According to the scores, the strongest regressors for this data were the forest, reaching above 88% accuracy. These were followed close behind by the neural network and SVM regressions, which were both above 84% accuracy. Trailing far at the end were the Linear Regression and the single tree, surprisingly. There was a difference of about 7% accuracy between the Linear Regression and its next closest neighbor, the SVM (77 vs 84). This shows that while the linear regression is the typical go-to in settings like statistics, there are better options out there depending on the data.

In [None]:
attributes = characteristics.columns #Get the tested attributes
attributes = list(zip(attributes, regression.coef_)) #Zip the attributes together with their coefficient
sortAtt = sorted(attributes, key = lambda x: x[1], reverse = True) #Sort the zipped attributes by their coefficients

print("According to the Linear Regression, the most important factors for pricing are: ") #Start printing the most important labels
i=0 #Counter variable so only the top five are printed

#For each attribute in the sorted attributes
for label, coef in sortAtt:
    if i<5: #If there has not been five printed yet
        print(label) #Print the label as an important factor
    i += 1 #Increase i by 1

In [None]:
attributes = characteristics.columns #Get the tested attributes
attributes = list(zip(attributes, forest.feature_importances_)) #Zip the attributes together with their coefficient
sortAtt = sorted(attributes, key = lambda x: x[1], reverse = True) #Sort the zipped attributes by their coefficients

print("According to the Random Forest (most accurate), the most important factors for pricing are: ") #Start printing the most important labels
i=0 #Counter variable so only the top five are printed

#For each attribute in the sorted attributes
for label, coef in sortAtt:
    if i<5: #If there has not been five printed yet
        print(label) #Print the label as an important factor
    i += 1 #Increase i by 1

In the listings of most important features contributing to the price, the Linear Regression and far more accurate Random Forest gave widely different results. Both models produced grade as one of the most important. Grade is how King County grades houses, so it makes sense houses in King County will rely on their grade to price houses. They both also have latitude and size (not counting the basement), but the utilization in the list is very different.

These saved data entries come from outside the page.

(* Fix a prime $p$. Let $E/\mathbb{Q}$ be an elliptic curve with a fixed Weierstrass model (integral coefficients) and let $P\in E(\mathbb{Q})$, $P\neq O$. Write $P=(a/d^2,b/d^3)$ and, for $n\ge1$, $u_n=\frac{d^{n^2}f_n(P)}{d_n}$, where $f_n$ is the $n$-th division polynomial and $d_n=d(nP)$. Then $$P\in E^0(\mathbb{Q}_p)\iff u_2\in\mathbb{Z}_p^\times.$$ In particular, $C_E(P)=\min\{n: |u_2(nP)|=1\}$.
   Context: A point $R\ne O$ of $E(\mathbb{Q})$ is written uniquely as $R=(a/d^2,b/d^3)$ with $a,b,d\in\mathbb{Z}$, $d>0$, $\gcd(a,d)=\gcd(b,d)=1$, and $d(R)=d$. $E^0(\mathbb{Q}_p)$ is the set of points of $E(\mathbb{Q}_p)$ with non-singular reduction mod $p$; $E^0(\mathbb{Q})$ is the set of points of $E(\mathbb{Q})$ with non-singular reduction at every prime; $C_E(P)=\min\{n\ge1: nP\in E^0(\mathbb{Q})\}$. The division polynomial $f_n$ is the one relative to the invariant differential, with $f_2=2y+a_1x+a_3$; $u_2(nP)$ denotes the quantity $u_2$ computed for the point $nP$, and $|\cdot|$ is the ordinary absolute value on $\mathbb{Q}$. *)

From HB Require Import structures.
From mathcomp Require Import all_boot all_order all_algebra.
Set Implicit Arguments. Unset Strict Implicit. Unset Printing Implicit Defensive.
Import Order.TTheory GRing.Theory Num.Theory.
Local Open Scope ring_scope.

(* A Weierstrass model with integral coefficients
   y^2 + a1 x y + a3 y = x^3 + a2 x^2 + a4 x + a6. *)
Record wcurve := WCurve { a1 : int; a2 : int; a3 : int; a4 : int; a6 : int }.

Definition disc (E : wcurve) : int :=
  let b2 := a1 E ^+ 2 + 4 * a2 E in
  let b4 := 2 * a4 E + a1 E * a3 E in
  let b6 := a3 E ^+ 2 + 4 * a6 E in
  let b8 := a1 E ^+ 2 * a6 E + 4 * a2 E * a6 E - a1 E * a3 E * a4 E
            + a2 E * a3 E ^+ 2 - a4 E ^+ 2 in
  - b2 ^+ 2 * b8 - 8 * b4 ^+ 3 - 27 * b6 ^+ 2 + 9 * b2 * b4 * b6.

(* Rational points: None is the point at infinity O. *)
Definition point := option (rat * rat).

Definition cq (z : int) : rat := z%:~R.

Definition on_curve (E : wcurve) (R : point) : bool :=
  match R with
  | None => true
  | Some (x, y) => y ^+ 2 + cq (a1 E) * x * y + cq (a3 E) * y ==
                   x ^+ 3 + cq (a2 E) * x ^+ 2 + cq (a4 E) * x + cq (a6 E)
  end.

(* Partial derivatives of F = y^2 + a1xy + a3y - x^3 - a2x^2 - a4x - a6. *)
Definition Fy (E : wcurve) (x y : rat) : rat := 2 * y + cq (a1 E) * x + cq (a3 E).
Definition Fx (E : wcurve) (x y : rat) : rat :=
  cq (a1 E) * y - 3 * x ^+ 2 - 2 * cq (a2 E) * x - cq (a4 E).
(* Let $(G_k)_{k\in\mathbb Z}$ be a gibonacci sequence, let $\lambda = G_1^2 - G_0G_2$, and let $F_k$ denote the Fibonacci numbers. For every positive integer $n$ and all integers $t$ and $m$, \begin{equation*} \begin{split} &220\sum_{j = 1}^n G_{j + t - 1} G_{j + t} G_{j + t + 1} G_{j + t + 2} G_{j + t + m}\\ &\quad = \left(F_{m + 2} + F_{m - 3}\right)\Big(-\left(G_{n + t + 3}^5 - G_{t + 3}^5\right) + 7\left(G_{n + t + 2}^5 - G_{t + 2}^5\right) + 47\left(G_{n + t + 1}^5 - G_{t + 1}^5\right)\\ &\qquad\qquad + 31\left(G_{n + t}^5 - G_t^5\right) - 9\left(G_{n + t - 1}^5 - G_{t - 1}^5\right) - \left(G_{n + t - 2}^5 - G_{t - 2}^5\right)\Big)\\ &\qquad - 44\lambda^2\left(F_{m + 2} + F_{m - 3}\right)\left(G_{n + t + 2} - G_{t + 2}\right) - 44F_{m + 2}\left(G_{t + 1}^5 - \lambda^2 G_{t + 1}\right) + 44F_{m + 2}\left(G_{n + t + 1}^5 - \lambda^2 G_{n + t + 1}\right) \end{split} \end{equation*} and \begin{equation*} \begin{split} &220\sum_{j = 1}^n (-1)^{j - 1}G_{j + t - 1} G_{j + t} G_{j + t + 1} G_{j + t + 2} G_{j + t + m}\\ &\quad = -\left(F_{m + 2} - F_{m - 3}\right)\Big(-\left((-1)^{n + 1}G_{n + t + 3}^5 + G_{t + 3}^5\right) + 9\left((-1)^{n + 1}G_{n + t + 2}^5 + G_{t + 2}^5\right)\\ &\qquad\qquad + 31\left((-1)^{n + 1}G_{n + t + 1}^5 + G_{t + 1}^5\right) - 47\left((-1)^{n + 1}G_{n + t}^5 + G_t^5\right)\\ &\qquad\qquad + 7\left((-1)^{n + 1}G_{n + t - 1}^5 + G_{t - 1}^5\right) + \left((-1)^{n + 1}G_{n + t - 2}^5 + G_{t - 2}^5\right)\Big)\\ &\qquad + 44\lambda^2\left(F_{m + 2} - F_{m - 3}\right)\left((-1)^{n + 1}G_{n + t - 1} + G_{t - 1}\right) + 44F_{m + 2}\left(G_{t + 1}^5 - \lambda^2 G_{t + 1}\right)\\ &\qquad + 44F_{m + 2}(-1)^{n + 1}\left(G_{n + t + 1}^5 - \lambda^2 G_{n + t + 1}\right). \end{split} \end{equation*}
   Context: A gibonacci sequence $(G_k)_{k\in\mathbb Z}$ is defined by arbitrary initial values $G_0=a$, $G_1=b$ (numbers, not both zero) and $G_k=G_{k-1}+G_{k-2}$ for all integers $k$. The Fibonacci numbers $F_k$ are the gibonacci sequence with $F_0=0$, $F_1=1$, extended to all integer indices by the same recurrence (so $F_{-k}=(-1)^{k+1}F_k$). *)

From mathcomp Require Import all_boot all_order all_algebra.
Set Implicit Arguments. Unset Strict Implicit. Unset Printing Implicit Defensive.
Import Order.TTheory GRing.Theory Num.Theory.
Local Open Scope ring_scope.

Fixpoint fibn (n : nat) : nat :=
  match n with
  | 0 => 0
  | 1 => 1
  | (k.+1 as m).+1 => fibn m + fibn k
  end%N.

(* Fibonacci numbers extended to all integers: F_{-k} = (-1)^(k+1) F_k.
   Negz n denotes -(n+1). *)
Definition fibz (k : int) : int :=
  match k with
  | Posz n => (fibn n)%:Z
  | Negz n => (-1) ^+ n.+2 * (fibn n.+1)%:Z
  end.

Definition gibonacci (R : pzRingType) (G : int -> R) : Prop :=
  (forall k : int, G k = G (k - 1) + G (k - 2)) /\ (G 0 != 0 \/ G 1 != 0).

From mathcomp Require Import all_boot all_order all_algebra.
From mathcomp Require Import zify ring.
Set Implicit Arguments. Unset Strict Implicit. Unset Printing Implicit Defensive.
Import GRing.Theory.
Local Open Scope ring_scope.

(** Both sums telescope.  Every [G (k + c)] is a combination of [G k] and
    [G (k + 1)] with Fibonacci coefficients, and the Cassini quantity
    [G (k + 1)^2 - G k G (k + 2)] only changes sign with [k], so its square is
    the constant [lam^2].  After these substitutions, 220 times the summand at
    [k] is [P k - P (k - 1)] (resp. [Q k + Q (k - 1)]) for the quintic [P]
    (resp. [Q]) read off the right-hand side: a polynomial identity in [G k],
    [G (k + 1)], [F m] and [F (m + 1)]. *)

Local Notation fibr k := ((fibz k)%:~R).

Lemma int_ind_shift (P : int -> Prop) :
  P 0 -> (forall k, P k <-> P (k + 1)) -> forall k, P k.
Proof.
move=> P0 PS; elim/int_ind => [//|n Pn|n Pn].
  by rewrite intS addrC; apply/(PS n).1.
by apply/(PS _).2; rewrite (_ : - n.+1%:Z + 1 = - n%:Z) //; lia.
Qed.

Lemma fibzSS k : fibz (k + 2) = fibz (k + 1) + fibz k.
Proof.
case: k => [n|[|[|n]]]; [|by []|by []|].
  have -> : n%:Z + 2 = n.+2%:Z by lia.
  have -> : n%:Z + 1 = n.+1%:Z by lia.
  by rewrite /= PoszD.
have -> : Negz n.+2 + 2 = Negz n by rewrite !NegzE; lia.
have -> : Negz n.+2 + 1 = Negz n.+1 by rewrite !NegzE; lia.
by rewrite /= PoszD !exprS; ring.
Qed.

Lemma fibrSS (R : pzRingType) k : fibr (k + 2) = fibr (k + 1) + fibr k :> R.
Proof. by rewrite fibzSS intrD. Qed.

Lemma telescope_sum_shift (V : zmodType) (u : nat -> V) (f : int -> V) t n :
  (forall j, u j = f (j%:Z + t) - f (j%:Z + t - 1)) ->
  \sum_(1 <= j < n.+1) u j = f (n%:Z + t) - f t.
Proof.
move=> du; elim: n => [|n IH]; first by rewrite big_geq // add0r subrr.
rewrite big_nat_recr //= IH du (_ : n.+1%:Z + t - 1 = n%:Z + t); last by lia.
by rewrite addrC addrA subrK.
Qed.

Lemma alt_telescope_sum_shift (R : comPzRingType) (u : nat -> R) f t n :
  (forall j, u j = (-1) ^+ j.-1 * (f (j%:Z + t) + f (j%:Z + t - 1))) ->
  \sum_(1 <= j < n.+1) u j = (-1) ^+ n.+1 * f (n%:Z + t) + f t.
Proof.
move=> du; elim: n => [|n IH].
  by rewrite big_geq // add0r expr1 mulN1r addNr.
rewrite big_nat_recr //= IH du (_ : n.+1%:Z + t - 1 = n%:Z + t); last by lia.
by rewrite !exprS; ring.
Qed.

Section Recurrence.

Variables (V : zmodType) (f g : int -> V).
Hypotheses (recf : forall k, f (k + 2) = f (k + 1) + f k)
           (recg : forall k, g (k + 2) = g (k + 1) + g k).

Lemma fib_rec_eq : f 0 = g 0 -> f 1 = g 1 -> f =1 g.
Proof.
move=> eq0 eq1 k.
suff /(_ k)[] : forall k, f k = g k /\ f (k + 1) = g (k + 1) by [].
apply: int_ind_shift => // {}k; split=> [[eqk eqk1] | [eqk1 eqk2]].
  by rewrite -addrA recf recg eqk eqk1.
split=> //; apply: (addrI (f (k + 1))).
by rewrite -recf eqk1 -recg -[2]/(1 + 1) addrA.
Qed.

End Recurrence.

Section Gibonacci.

Variables (R : comPzRingType) (G : int -> R).
Hypothesis gibG : forall k, G (k + 2) = G (k + 1) + G k.

Lemma gibD k c : G (k + c) = fibr c * G (k + 1) + fibr (c - 1) * G k.
Proof.
move: c; apply: (@fib_rec_eq _ (fun c => G (k + c))) => [c|c||].
- by rewrite addrA gibG -addrA.
- rewrite (_ : c + 2 - 1 = c - 1 + 2); last by rewrite addrAC.
  rewrite (_ : c + 1 - 1 = c - 1 + 1); last by rewrite addrAC.
  by rewrite !fibrSS subrK; ring.
- have -> : fibz 0 = 0 by [].
  have -> : fibz (0 - 1) = 1 by [].
  by rewrite addr0; ring.
- have -> : fibz 1 = 1 by [].
  have -> : fibz (1 - 1) = 0 by [].
  ring.
Qed.

Lemma gib_window k :
  [/\ G (k + 3) = G (k + 1) *+ 2 + G k, G (k + 2) = G (k + 1) + G k,
      G (k - 1) = G (k + 1) - G k, G (k - 2) = G k *+ 2 - G (k + 1)
    & G (k - 3) = G (k + 1) *+ 2 - G k *+ 3].
Proof. by split; rewrite gibD /=; ring. Qed.

Lemma gib_cassini_sqr k :
  (G (k + 1) ^+ 2 - G k * G (k + 2)) ^+ 2 = (G 1 ^+ 2 - G 0 * G 2) ^+ 2.
Proof.
elim/int_ind_shift: k => [|k]; first by rewrite !add0r.
suff -> : (G (k + 1 + 1) ^+ 2 - G (k + 1) * G (k + 1 + 2)) ^+ 2
        = (G (k + 1) ^+ 2 - G k * G (k + 2)) ^+ 2 by [].
have [G3 G2 _ _ _] := gib_window k.
by rewrite -!addrA G3 G2; ring.
Qed.

End Gibonacci.

Section FifthPowerSums.

Variables (R : comPzRingType) (G : int -> R) (m : int).
Hypothesis gibG : forall k, G (k + 2) = G (k + 1) + G k.

Local Notation lam := (G 1 ^+ 2 - G 0 * G 2).

Definition fifth_antidiff k : R :=
  (fibr (m + 2) + fibr (m - 3)) *
    (- G (k + 3) ^+ 5 + 7 * G (k + 2) ^+ 5 + 47 * G (k + 1) ^+ 5
     + 31 * G k ^+ 5 - 9 * G (k - 1) ^+ 5 - G (k - 2) ^+ 5)
  - 44 * lam ^+ 2 * (fibr (m + 2) + fibr (m - 3)) * G (k + 2)
  + 44 * fibr (m + 2) * (G (k + 1) ^+ 5 - lam ^+ 2 * G (k + 1)).

Definition fifth_alt_antidiff k : R :=
  - (fibr (m + 2) - fibr (m - 3)) *
    (- G (k + 3) ^+ 5 + 9 * G (k + 2) ^+ 5 + 31 * G (k + 1) ^+ 5
     - 47 * G k ^+ 5 + 7 * G (k - 1) ^+ 5 + G (k - 2) ^+ 5)
  + 44 * lam ^+ 2 * (fibr (m + 2) - fibr (m - 3)) * G (k - 1)
  + 44 * fibr (m + 2) * (G (k + 1) ^+ 5 - lam ^+ 2 * G (k + 1)).

Lemma fifth_sum_step k :
  220 * (G (k - 1) * G k * G (k + 1) * G (k + 2) * G (k + m))
  = fifth_antidiff k - fifth_antidiff (k - 1).
Proof.
have [G3 G2 Gm1 Gm2 Gm3] := gib_window gibG k.
have [_ F2 Fm1 _ Fm3] := gib_window (@fibrSS R) m.
rewrite /fifth_antidiff -(gib_cassini_sqr gibG k) subrK -!(addrA k).
rewrite (_ : -1 + 2 = 1 :> int) // G3 G2 Gm1 Gm2 Gm3 (gibD gibG k m) F2 Fm3 Fm1.
ring.
Qed.

Lemma fifth_altsum_step k :
  220 * (G (k - 1) * G k * G (k + 1) * G (k + 2) * G (k + m))
  = fifth_alt_antidiff k + fifth_alt_antidiff (k - 1).
Proof.
have [G3 G2 Gm1 Gm2 Gm3] := gib_window gibG k.
have [_ F2 Fm1 _ Fm3] := gib_window (@fibrSS R) m.
rewrite /fifth_alt_antidiff -(gib_cassini_sqr gibG k) subrK -!(addrA k).
rewrite (_ : -1 + 2 = 1 :> int) // G3 G2 Gm1 Gm2 Gm3 (gibD gibG k m) F2 Fm3 Fm1.
ring.
Qed.

End FifthPowerSums.

Lemma gibonacci_rec (R : pzRingType) (G : int -> R) :
  gibonacci G -> forall k, G (k + 2) = G (k + 1) + G k.
Proof. by case=> Grec _ k; rewrite Grec addrK -addrA. Qed.

Theorem theorem1 (R : numFieldType) (G : int -> R) (n : nat) (t m : int) :
  gibonacci G -> (0 < n)%N ->
  let lam := G 1 ^+ 2 - G 0 * G 2 in
  let F (k : int) : R := (fibz k)%:~R in
  (220 * \sum_(1 <= j < n.+1)
      G (j%:Z + t - 1) * G (j%:Z + t) * G (j%:Z + t + 1) * G (j%:Z + t + 2)
        * G (j%:Z + t + m)
   = (F (m + 2) + F (m - 3)) *
       (- (G (n%:Z + t + 3) ^+ 5 - G (t + 3) ^+ 5)
        + 7 * (G (n%:Z + t + 2) ^+ 5 - G (t + 2) ^+ 5)
        + 47 * (G (n%:Z + t + 1) ^+ 5 - G (t + 1) ^+ 5)
        + 31 * (G (n%:Z + t) ^+ 5 - G t ^+ 5)
        - 9 * (G (n%:Z + t - 1) ^+ 5 - G (t - 1) ^+ 5)
        - (G (n%:Z + t - 2) ^+ 5 - G (t - 2) ^+ 5))
     - 44 * lam ^+ 2 * (F (m + 2) + F (m - 3)) * (G (n%:Z + t + 2) - G (t + 2))
     - 44 * F (m + 2) * (G (t + 1) ^+ 5 - lam ^+ 2 * G (t + 1))
     + 44 * F (m + 2) * (G (n%:Z + t + 1) ^+ 5 - lam ^+ 2 * G (n%:Z + t + 1)))
  /\
  (220 * \sum_(1 <= j < n.+1)
      (-1) ^+ j.-1 * G (j%:Z + t - 1) * G (j%:Z + t) * G (j%:Z + t + 1)
        * G (j%:Z + t + 2) * G (j%:Z + t + m)
   = - (F (m + 2) - F (m - 3)) *
       (- ((-1) ^+ n.+1 * G (n%:Z + t + 3) ^+ 5 + G (t + 3) ^+ 5)
        + 9 * ((-1) ^+ n.+1 * G (n%:Z + t + 2) ^+ 5 + G (t + 2) ^+ 5)
        + 31 * ((-1) ^+ n.+1 * G (n%:Z + t + 1) ^+ 5 + G (t + 1) ^+ 5)
        - 47 * ((-1) ^+ n.+1 * G (n%:Z + t) ^+ 5 + G t ^+ 5)
        + 7 * ((-1) ^+ n.+1 * G (n%:Z + t - 1) ^+ 5 + G (t - 1) ^+ 5)
        + ((-1) ^+ n.+1 * G (n%:Z + t - 2) ^+ 5 + G (t - 2) ^+ 5))
     + 44 * lam ^+ 2 * (F (m + 2) - F (m - 3))
         * ((-1) ^+ n.+1 * G (n%:Z + t - 1) + G (t - 1))
     + 44 * F (m + 2) * (G (t + 1) ^+ 5 - lam ^+ 2 * G (t + 1))
     + 44 * F (m + 2) * (-1) ^+ n.+1
         * (G (n%:Z + t + 1) ^+ 5 - lam ^+ 2 * G (n%:Z + t + 1))).
Proof.
move=> /gibonacci_rec gibG _ lam F; rewrite {}/lam {}/F.
split; rewrite mulr_sumr.
- rewrite (telescope_sum_shift (f := fifth_antidiff G m) (t := t)) => [|j].
    by rewrite /fifth_antidiff; ring.
  exact: fifth_sum_step.
- rewrite (alt_telescope_sum_shift (f := fifth_alt_antidiff G m) (t := t)) => [|j].
    by rewrite /fifth_alt_antidiff; ring.
  by rewrite -fifth_altsum_step //; ring.
Qed.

The Forest ranked location (latitude and longitude) and above-ground sizing (the size of the house and the size not counting the basement) as the most important metrics. This makes sense, as different areas tend to have higher or lower prices and size does tend to be an important factor in considering a house.

The Linear regression ranked the age a whole lot higher than anything else, which is a bit odd, considering it was not even on the Forest's list. There is also latitude and size above ground, which tells me the Linear regression was trying to come to a similar conclusion about space and location that the forest did, it just put higher emphasis on age. Price emphasis by age can make sense, but I feel like that only matters highly with the very old houses. This intuition is also shown in the forest model, as I had to change the iterator to 9 in order to even show age, thus it is ranking it as the 9th most important factor.